2026-08-13 –, Room 3
TrixiParticles.jl is an open-source framework for accessible particle-based multiphysics. In this talk, we demonstrate how to leverage modern, GPU-centric HPC hardware for complex fluid–structure interaction (FSI) simulations. Using a carbon-fiber freediving fin as a case study, we discuss the numerical challenges of extremely stiff and thin blades, and present performance benchmarks across different CPU and GPU architectures to showcase cross-platform efficiency.
TrixiParticles.jl is an open-source numerical simulation framework designed for accessible particle-based multiphysics simulations and implemented in Julia as part of the Trixi Framework. Two years after introducing the package at JuliaCon 2024, we return to demonstrate how the framework leverages modern HPC hardware to support both rapid prototyping and complex applications.

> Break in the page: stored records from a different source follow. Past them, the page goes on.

Lemma integral_lawX E (g : R -> \bar R) : measurable E ->
  (forall x, 0 <= g x)%E -> measurable_fun E g ->
  (\int[lawX]_(x in E) g x = \int[lebesgue_measure]_(x in E) (g x * (f x)%:E))%E.
Proof.
move=> mE g0 mg; have [_ [mf fE]] := densX.
have mfE : measurable_fun E (EFin \o f).
  by apply/measurable_EFinP; exact: measurable_funS mf.
have dlawX := @Radon_Nikodym_SigmaFinite.f_integrable _ _ _ lawX lebesgue_measure
  lawX_dominated.
rewrite -(@Radon_Nikodym_SigmaFinite.change_of_variables _ _ _ lawX lebesgue_measure
  lawX_dominated _ _ g0 mE mg).
apply: ae_eq_integral => //.
- apply: emeasurable_funM => //; apply: measurable_funTS.
  exact: measurable_int dlawX.
- exact: emeasurable_funM.
apply: ae_eqe_mul2l; apply: integral_ae_eq => //.
- exact: integrableS dlawX.
move=> A AE mA; rewrite -Radon_Nikodym_SigmaFinite.f_integral //.
  exact: fE.
exact: lawX_dominated.
Qed.

Lemma prob_le_curve D (phi : R -> R) : measurable D ->
  measurable_fun [set: R] phi ->
  P [set w | D (X w) /\ Y w <= phi (X w)] =
  (\int[lebesgue_measure]_(x in D) (cdfR P Y (phi x) * f x)%:E)%E.
Proof.
move=> mD mphi.
pose S := [set p : R * R | D p.1 /\ p.2 <= phi p.1].
have mS : measurable S.
  apply: measurableI; first by rewrite -[X in measurable X]setTI; exact: measurable_fst.
  apply: measurable_ler_set; first exact: measurable_snd.
  exact: measurableT_comp mphi measurable_fst.
rewrite (_ : [set w | _] = [set w | S (X w, Y w)]) // prob_pair_product //.
transitivity (\int[lawX]_x (lawY \o xsection S) x)%E; first by [].
rewrite integral_lawX //; last exact: measurable_fun_xsection.
rewrite [RHS]integral_mkcond; apply: eq_integral => x _; rewrite patchE /=.
case: ifPn => xD.
- have -> : xsection S x = [set y | y <= phi x].
    apply/seteqP; split => y; rewrite /xsection /= inE; first by case.
    by split => //; exact: set_mem.
  rewrite EFinM /cdfR fineK //; apply: fin_num_measure.
  by apply: measurable_ler_set => //; exact: measurable_cst.
- have -> : xsection S x = set0.
    apply/seteqP; split => y //; rewrite /xsection /= inE => -[/mem_set].
    by rewrite (negbTE xD).
  by rewrite (_ : lawY set0 = 0%E) ?mul0e //; exact: measure0.
Qed.

Lemma prob_eq_affine (a b : R) : a != 0 -> P [set w | Y w = a * X w + b] = 0%E.
Proof.
move=> a0; pose S := [set p : R * R | p.2 = a * p.1 + b].
have mS : measurable S.
  apply: measurable_eqr_set; first exact: measurable_snd.
  by apply: measurable_funD => //; apply: measurable_funM => //; exact: measurable_fst.
rewrite (_ : [set w | _] = [set w | S (X w, Y w)]) // prob_pair_product //.
rewrite (@product_measure_unique _ _ _ _ _ lawX lawY (lawX \x^ lawY)%E) //; last first.
  by move=> A B mA mB; exact: product_measure2E.
(* Integrate over y first: each section of the line is a point, null for lawX. *)
transitivity (\int[lawY]_y (lawX \o ysection S) y)%E; first by [].
rewrite (_ : lawX \o ysection S = fun=> 0%E) ?integral0 //; apply: funext => y /=.
have -> : ysection S y = [set (y - b) / a].
  apply/seteqP; split => x; rewrite /ysection /S /= inE /= => ->.
    by rewrite addrK mulrC mulKf.
  by rewrite mulrC divfK // subrK.
have [_ [_ fE]] := densX.
transitivity (P (X @^-1` [set (y - b) / a])); first by [].
by rewrite fE ?integral_set1 //; exact: measurable_set1.
Qed.

Lemma prob_between_curves D (l u : R -> R) : measurable D ->
  measurable_fun [set: R] l -> measurable_fun [set: R] u ->
  (forall x, D x -> l x <= u x) -> P [set w | Y w = u (X w)] = 0%E ->
  P [set w | D (X w) /\ l (X w) < Y w /\ Y w < u (X w)] =
  (\int[lebesgue_measure]_(x in D) (cdfR P Y (u x) * f x)%:E
   - \int[lebesgue_measure]_(x in D) (cdfR P Y (l x) * f x)%:E)%E.
Proof.
move=> mD ml mu le_lu Yu0.
have mDX : measurable [set w | D (X w)].
  by rewrite -[X in measurable X]setTI; exact: mX.
have mlX : measurable_fun [set: T] (l \o X) by exact: measurableT_comp.
have muX : measurable_fun [set: T] (u \o X) by exact: measurableT_comp.
set Eu := [set w | D (X w) /\ Y w <= u (X w)].
set El := [set w | D (X w) /\ Y w <= l (X w)].
set Elu := [set w | D (X w) /\ l (X w) < Y w /\ Y w <= u (X w)].
have mEl : measurable El by apply: measurableI => //; exact: measurable_ler_set.
have mElu : measurable Elu.
  apply: measurableI => //; apply: measurableI; first exact: measurable_ltr_set.
  exact: measurable_ler_set.
rewrite (eq_measure_setU_null _ mElu (measurable_eqr_set mY muX) Yu0).
- rewrite -!prob_le_curve // (_ : [set w | _] = El `|` Elu).
    rewrite measureU //; last first.
      apply/seteqP; split => w // [[_ Yl] [_ [lY _]]].
      by have := le_lt_trans Yl lY; rewrite ltxx.
    by rewrite addeAC subee ?add0e // fin_num_measure.
  apply/seteqP; split => w /=.
  + by case=> Dx Yu; have [Yl|lY] := leP (Y w) (l (X w)); [left | right].
  + by case=> [[Dx Yl]|[Dx [_ Yu]]]; split => //; exact: le_trans Yl (le_lu _ Dx).
- apply: measurableI => //; apply: measurableI; first exact: measurable_ltr_set.
  exact: measurable_ltr_set.
- apply/seteqP; split => w /=.
  + by case=> [[Dx [lY Yu]]|Yu]; [left; do !split => //; exact: ltW | right].
  + case=> [[Dx [lY]]|Yu]; last by right.
    by rewrite le_eqVlt => /predU1P[|Yu]; [right | left].
Qed.

Variables (rB rF gam : R).
Hypotheses (rB_gt0 : 0 < rB) (rF_gt0 : 0 < rF) (gam_gt0 : 0 < gam).
Hypothesis X_lt0_null : P [set w | X w < 0] = 0%E.

Lemma prob_outage :
  P [set w | rB * Y w / (rF * X w + 1) < gam /\ X w < rB / rF * Y w] =
  (\int[lebesgue_measure]_(x in outage_domain rF gam)
      (cdfR P Y ((gam * rF * x + gam) / rB) * f x)%:E
   - \int[lebesgue_measure]_(x in outage_domain rF gam)
      (cdfR P Y (rF / rB * x) * f x)%:E)%E.
Proof.
pose l x := rF / rB * x; pose u x := (gam * rF * x + gam) / rB.
have ml : measurable_fun [set: R] l by exact: measurable_funM.
have mu : measurable_fun [set: R] u.
  by apply: measurable_funM => //; apply: measurable_funD => //; exact: measurable_funM.
have mD : measurable (outage_domain rF gam).
  apply: measurableI; first exact: measurable_ler_set.
  apply: measurable_ltr_set; first exact: measurable_funM.
  by apply: measurable_funD => //; exact: measurable_funM.
have mXlt0 : measurable [set w | X w < 0] by exact: measurable_ltr_set.
rewrite (eq_measure_setU_null (B := [set w |
    outage_domain rF gam (X w) /\ l (X w) < Y w /\ Y w < u (X w)]) _ _ mXlt0 X_lt0_null).
- apply: prob_between_curves => // [x [_]|].
    by rewrite -(outage_bounds_lt _ _ rB_gt0) => /ltW.
  rewrite -(@prob_eq_affine (gam * rF / rB) (gam / rB)).
    by congr (P _); apply/seteqP; split => w; rewrite /= /u mulrDl mulrAC.
  by rewrite !mulf_neq0 ?invr_eq0 ?gt_eqF.
- apply: measurableI.
    apply: (measurable_ltr_set (f := fun w => rB * Y w / (rF * X w + 1))
      (g := cst gam)) => //.
    apply: measurable_funM; first exact: measurable_funM.
    apply: measurableT_comp; first exact: measurable_inv.
    by apply: measurable_funD => //; exact: measurable_funM.
  by apply: measurable_ltr_set => //; exact: measurable_funM.
- apply: measurableI; first by rewrite -[X in measurable X]setTI; exact: mX.
  apply: measurableI; apply: measurable_ltr_set => //; exact: measurableT_comp.
apply/seteqP; split => w /=.
- case=> [[ev1 ev2]|]; last by right.
  have [X_neg|X_ge0] := ltP (X w) 0; [by right | left].
  have [lY Yu] := (outage_event_iff _ rB_gt0 rF_gt0 _ X_ge0).1 (conj ev1 ev2).
  by do !split => //; rewrite -(outage_bounds_lt _ _ rB_gt0); exact: lt_trans lY Yu.
- case=> [[[X_ge0 _] lYu]|]; last by right.
  by left; exact/(outage_event_iff _ rB_gt0 rF_gt0 _ X_ge0).
Qed.

End independent_pair.

Lemma measurable_dist0 (R : realType) : measurable_fun [set: R * R] (@dist0 R).
Proof.
apply: measurableT_comp (continuous_measurable_fun (@sqrt_continuous R)) _.
by apply: measurable_funD; apply: measurableT_comp (exprn_measurable _) _.
Qed.

Section gain.
Context d (T : measurableType d) (R : realType) (P : probability T R).
Variables (alpha lam : R) (h : T -> R) (z : T -> R * R).
Hypotheses (mh : measurable_fun [set: T] h) (mz : measurable_fun [set: T] z).

Let g w := gain alpha (h w) (dist0 (z w)).

Lemma measurable_gain : measurable_fun [set: T] g.
Proof.
apply: measurable_funM mh _; apply: measurableT_comp (@measurable_powR R _) _.
apply: measurableT_comp; last exact: mz.
exact: measurable_dist0.
Qed.

Lemma exp_mean_prob_lt0 : exp_mean P h lam -> P (h @^-1` `]-oo, 0[) = 0%E.
Proof.
move=> hE; rewrite hE; last exact: measurable_itv.
rewrite /exponential_prob (eq_integral (fun=> 0%E)) ?integral0 // => x.
by rewrite inE /= in_itv /= => x_lt0; rewrite lt0_exponential_pdf.
Qed.

Lemma prob_gain_lt0 : exp_mean P h lam -> P [set w | g w < 0] = 0%E.
Proof.
move=> hE; apply: (subset_measure0 _ _ _ (exp_mean_prob_lt0 hE)).
- apply: (measurable_ltr_set (f := g) (g := cst 0)); first exact: measurable_gain.
  exact: measurable_cst.
- by rewrite -[X in measurable X]setTI; apply: mh => //; exact: measurable_itv.
- move=> w /=; rewrite in_itv /=; apply: contraTT; rewrite -!leNgt => h_ge0.
  by rewrite /g /gain mulr_ge0 // powR_ge0.
Qed.

End gain.

Theorem theorem1 (d : measure_display) (T : measurableType d) (R : realType)
  (P : probability T R)
  (R1 R2 alpha lamGB lamGF PGB PGF sigma2 gam : R)
  (hGB hGF : T -> R) (zGB zGF : T -> R * R) (fGF : R -> R) :
  0 < R1 -> R1 < R2 -> 0 < alpha -> 0 < lamGB -> 0 < lamGF ->
  0 < PGB -> 0 < PGF -> 0 < sigma2 -> 0 < gam ->
  measurable_fun [set: T] hGB -> measurable_fun [set: T] hGF ->
  measurable_fun [set: T] zGB -> measurable_fun [set: T] zGF ->
  exp_mean P hGB lamGB -> exp_mean P hGF lamGF ->
  uniform_on P zGB (disc R1) (pi * R1 ^+ 2) ->
  uniform_on P zGF (annulus R1 R2) (pi * (R2 ^+ 2 - R1 ^+ 2)) ->
  indep2 P hGB (fun w => dist0 (zGB w)) ->
  indep2 P hGF (fun w => dist0 (zGF w)) ->
  let gGB := fun w => gain alpha (hGB w) (dist0 (zGB w)) in
  let gGF := fun w => gain alpha (hGF w) (dist0 (zGF w)) in
  indep2 P gGB gGF ->
  is_density P gGF fGF ->
  let rhoGB := PGB / sigma2 in
  let rhoGF := PGF / sigma2 in
  let Fnear := cdfR P gGB in
  let Pout := P [set w | rhoGB * gGB w / (rhoGF * gGF w + 1) < gam /\
                         gGF w < PGB / PGF * gGB w] in
  (1 < gam ->
    Pout =
    (\int[lebesgue_measure]_(x in `[0%R, +oo[)
        (Fnear ((gam * rhoGF * x + gam) / rhoGB) * fGF x)%:E
     - \int[lebesgue_measure]_(x in `[0%R, +oo[)
        (Fnear (rhoGF / rhoGB * x) * fGF x)%:E)%E) /\
  (gam <= 1 ->
    Pout =
    (\int[lebesgue_measure]_(x in dom_b gam rhoGF)
        (Fnear ((gam * rhoGF * x + gam) / rhoGB) * fGF x)%:E
     - \int[lebesgue_measure]_(x in dom_b gam rhoGF)
        (Fnear (rhoGF / rhoGB * x) * fGF x)%:E)%E).
Proof.
move=> _ _ _ _ _ PGB_gt0 PGF_gt0 sigma2_gt0 gam_gt0 mhGB mhGF mzGB mzGF _ expGF _ _ _ _.
move=> gGB gGF indep densGF rhoGB rhoGF Fnear Pout.
have rhoGB_gt0 : 0 < rhoGB by rewrite divr_gt0.
have rhoGF_gt0 : 0 < rhoGF by rewrite divr_gt0.
have PoutE : Pout =
    (\int[lebesgue_measure]_(x in outage_domain rhoGF gam)
        (Fnear ((gam * rhoGF * x + gam) / rhoGB) * fGF x)%:E
     - \int[lebesgue_measure]_(x in outage_domain rhoGF gam)
        (Fnear (rhoGF / rhoGB * x) * fGF x)%:E)%E.
  rewrite /Pout (_ : PGB / PGF = rhoGB / rhoGF); last first.
    by rewrite /rhoGB /rhoGF; field; rewrite !gt_eqF.
  apply: (prob_outage (measurable_gain _ mhGF mzGF) (measurable_gain _ mhGB mzGB)
    indep densGF rhoGB_gt0 rhoGF_gt0 gam_gt0).
  exact: (prob_gain_lt0 _ mhGF mzGF expGF).
split => gam1; rewrite PoutE.
- by rewrite outage_domain_gt1.
- by rewrite outage_domain_le1.
Qed.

In the first part of the talk, we present the latest developments in GPU usability and performance.
As modern clusters become increasingly GPU-centric, simulation software must adapt to utilize this hardware effectively. We show how TrixiParticles.jl allows users to seamlessly run simulations on GPUs with minimal code changes, and present benchmarks comparing modern dual-socket CPU nodes against various GPU architectures.
In the second part, we take a "deep dive" into a challenging real-world application: the hydrodynamics of a carbon-fiber freediving fin. Simulating the propulsion generated by a foot-driven, extremely stiff, and thin blade presents significant numerical difficulties, particularly regarding Fluid-Structure Interaction (FSI). We will discuss numerical instabilities caused by the high stiffness and thin geometry of the carbon-fiber blade.
PhD Student in the Numerical Simulation Group at University of Cologne, Germany.